(ORDO NEWS) — Gungivamp is an archaeological site located in Groton, Connecticut, USA. The place is best known for its various stone structures. There is no consensus on the age and purpose of these structures.
Some of the found stone tools and ceramic shards
Gungivamp can be divided into two separate sections
The Gungywamp site can be divided into two distinct sections, the North and South Complexes. Each of these sites contains a high cliff, a swamp, a stream, and stone structures.
Artifacts found at the site suggest that human presence at Gungivampa can be traced back as far as 4,000 years ago. These artifacts include stone tools and pottery.
However, the most notable archaeological sites at Gungivampa are the stone structures. These structures can be divided into several types: rows of stones, stone bridges, stone chambers, and double stone circle.
These structures have puzzled scientists for a long time. For example, there is controversy over the age of structures and the identity of their builders. Some claim that the structures were built by European settlers during the colonial period, others believe that they were built by Native Americans before the 17th century.
Others claim that the stone structures were built by Irish monks who arrived in North America between the 6th and 8th centuries AD.
The monks are said to have traveled across the Atlantic to escape the Vikings. This sensational claim seems to be quite popular and is often repeated, although it is not supported by hard evidence.
One of Gungivamp’s stone chambers.
Hypotheses about Gungivampa based on historical evidence
On the other hand, several hypotheses have been formulated based on the available historical and archaeological data. They claim either a colonial or Native American origin for the structures.
For example, regarding the double stone circle, one hypothesis is that it is the remains of a crushing or pulverizing mill, a type of which is sometimes called an “edge runner mill”.
This hypothesis is based on illustrations of such mills, physical mills that have survived to this day, and signs of wear and damage on the inner surface of the trough.
It is known that such mills were used in Europe from the Middle Ages until the 19th century.

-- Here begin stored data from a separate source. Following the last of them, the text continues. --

Theorem galerkin_exists : exists u, Vh u /\ forall v, Vh v -> a u v = l v.
Proof.
have [m [f [Vf fspan]]] := exists_spanning_family.
pose comb (c : 'rV_m) := \sum_k c 0 k *: f k.
have Vcomb c : Vh (comb c) by apply: Vh_comb.
have E_comb c : E (comb c) = c *m image_mx f.
  by rewrite linear_comb // mulmx_sum_row; apply: eq_bigr => k _; rewrite rowK.
(* The Gram matrix G may be singular; b is in its row space because ker G is in ker b. *)
pose G : 'M[F]_m := \matrix_(j, k) a (f j) (f k).
pose b : 'rV[F]_m := \row_k l (f k).
have b_ker : forall d : 'cV_m, G *m d = 0 -> b *m d = 0.
  move=> d Gd; have fd j : a (f j) (comb d^T) = 0.
    rewrite scalar_comb //; transitivity ((G *m d) j 0); last by rewrite Gd mxE.
    by rewrite mxE; apply: eq_bigr => k _; rewrite !mxE mulrC.
  have /(a_definite (Vcomb _)) : a (comb d^T) (comb d^T) = 0.
    by rewrite (scalar_comb (a_linl _)) big1 // => k _; rewrite fd mulr0.
  move/(E_ker (Vcomb _)) => [ld _]; apply/matrixP => i j; rewrite !ord1 !mxE -[RHS]ld.
  by rewrite scalar_comb //; apply: eq_bigr => k _; rewrite !mxE mulrC.
have [c cG] := submxP (submx_of_ker b_ker).
have a_fam k : a (comb c) (f k) = l (f k).
  rewrite (scalar_comb (a_linl _)); transitivity ((c *m G) 0 k); last by rewrite -cG mxE.
  by rewrite mxE; apply: eq_bigr => j _; rewrite mxE.
exists (comb c); split => // v Vv.
have [d Ed] := submxP (fspan v Vv).
have [lv av] : l (v - comb d) = 0 /\ forall u, Vh u -> a u (v - comb d) = 0.
  by apply: E_ker; [apply: VhB | rewrite linear_sub // E_comb Ed subrr].
move/eqP: lv; rewrite scalar_sub // subr_eq0 => /eqP ->.
move/eqP: (av _ (Vcomb c)); rewrite scalar_sub // subr_eq0 => /eqP ->.
by rewrite !scalar_comb //; apply: eq_bigr => k _; rewrite a_fam.
Qed.

Theorem galerkin_unique u1 u2 : Vh u1 -> Vh u2 ->
  (forall v, Vh v -> a u1 v = l v) -> (forall v, Vh v -> a u2 v = l v) -> E u1 = E u2.
Proof.
move=> Vu1 Vu2 au1 au2; apply/eqP; rewrite -subr_eq0 -linear_sub //; apply/eqP.
apply: a_definite; first exact: VhB.
by rewrite (scalar_sub (a_linl _)) au1 ?au2 ?subrr //; apply: VhB.
Qed.

End Galerkin.

Section EuclideanDot.
Variables (R : realType) (n : nat).
Implicit Types (u v w : pt R n).

Lemma dotvC u v : dotv u v = dotv v u.
Proof. by apply: eq_bigr => i _; rewrite mulrC. Qed.

Lemma dotvDl u v w : dotv (u + v) w = dotv u w + dotv v w.
Proof. by rewrite /dotv -big_split; apply: eq_bigr => i _; rewrite mxE mulrDl. Qed.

Therefore, the mill hypothesis suggests that the Gungivampa double stone circle was built during the colonial period by European settlers.
An alternative hypothesis states that the double stone circle was built by Native Americans prior to the arrival of European settlers.
Since Native American artifacts have been found at Gungivampa, it has been suggested that the structure may have been built by them as well. This hypothesis is supported by the fact that the stones were not processed with metal tools.
Instead, the stones were heated with fire, after which their surface was beaten with a hammer until the desired shape was obtained. This technique was used by Native Americans to mine copper and quartz.
If the double stone circle was built by Native Americans, it is argued that it must have served a ceremonial function, as the structure has no apparent utilitarian function in Native American society.
Ruins of a stone structure at Gungivamp.
Other stone structures in Gungivampe
Other stone structures at Gungivampa also divided opinion. With regard to stone rows, for example, the assumptions about their purpose can be divided according to the alleged origin of the structures, that is, colonial European or Native American.
In the first case, it is assumed that the stone rows have a functional purpose. These features include being several upright stones in a stone wall, boxes for feed or supplies, trails for tanning hides, and pens for grazing cattle.
On the other hand, proponents of Native American origins for the stone courses hypothesize that these structures had a ceremonial function that was associated with either the moon, or birds.
Considering that the arguments in favor of the colonial-European origin of the stone structures of Gungywampa are no less weighty than the arguments in favor of the Native American origin, more research is needed on these mysterious structures.
Only when more evidence becomes available can either the colonial European or Native American hypothesis of the origin and functioning of these structures be treated with more confidence.
A close-up of the entrance to one of Gungivampa’s stone chambers.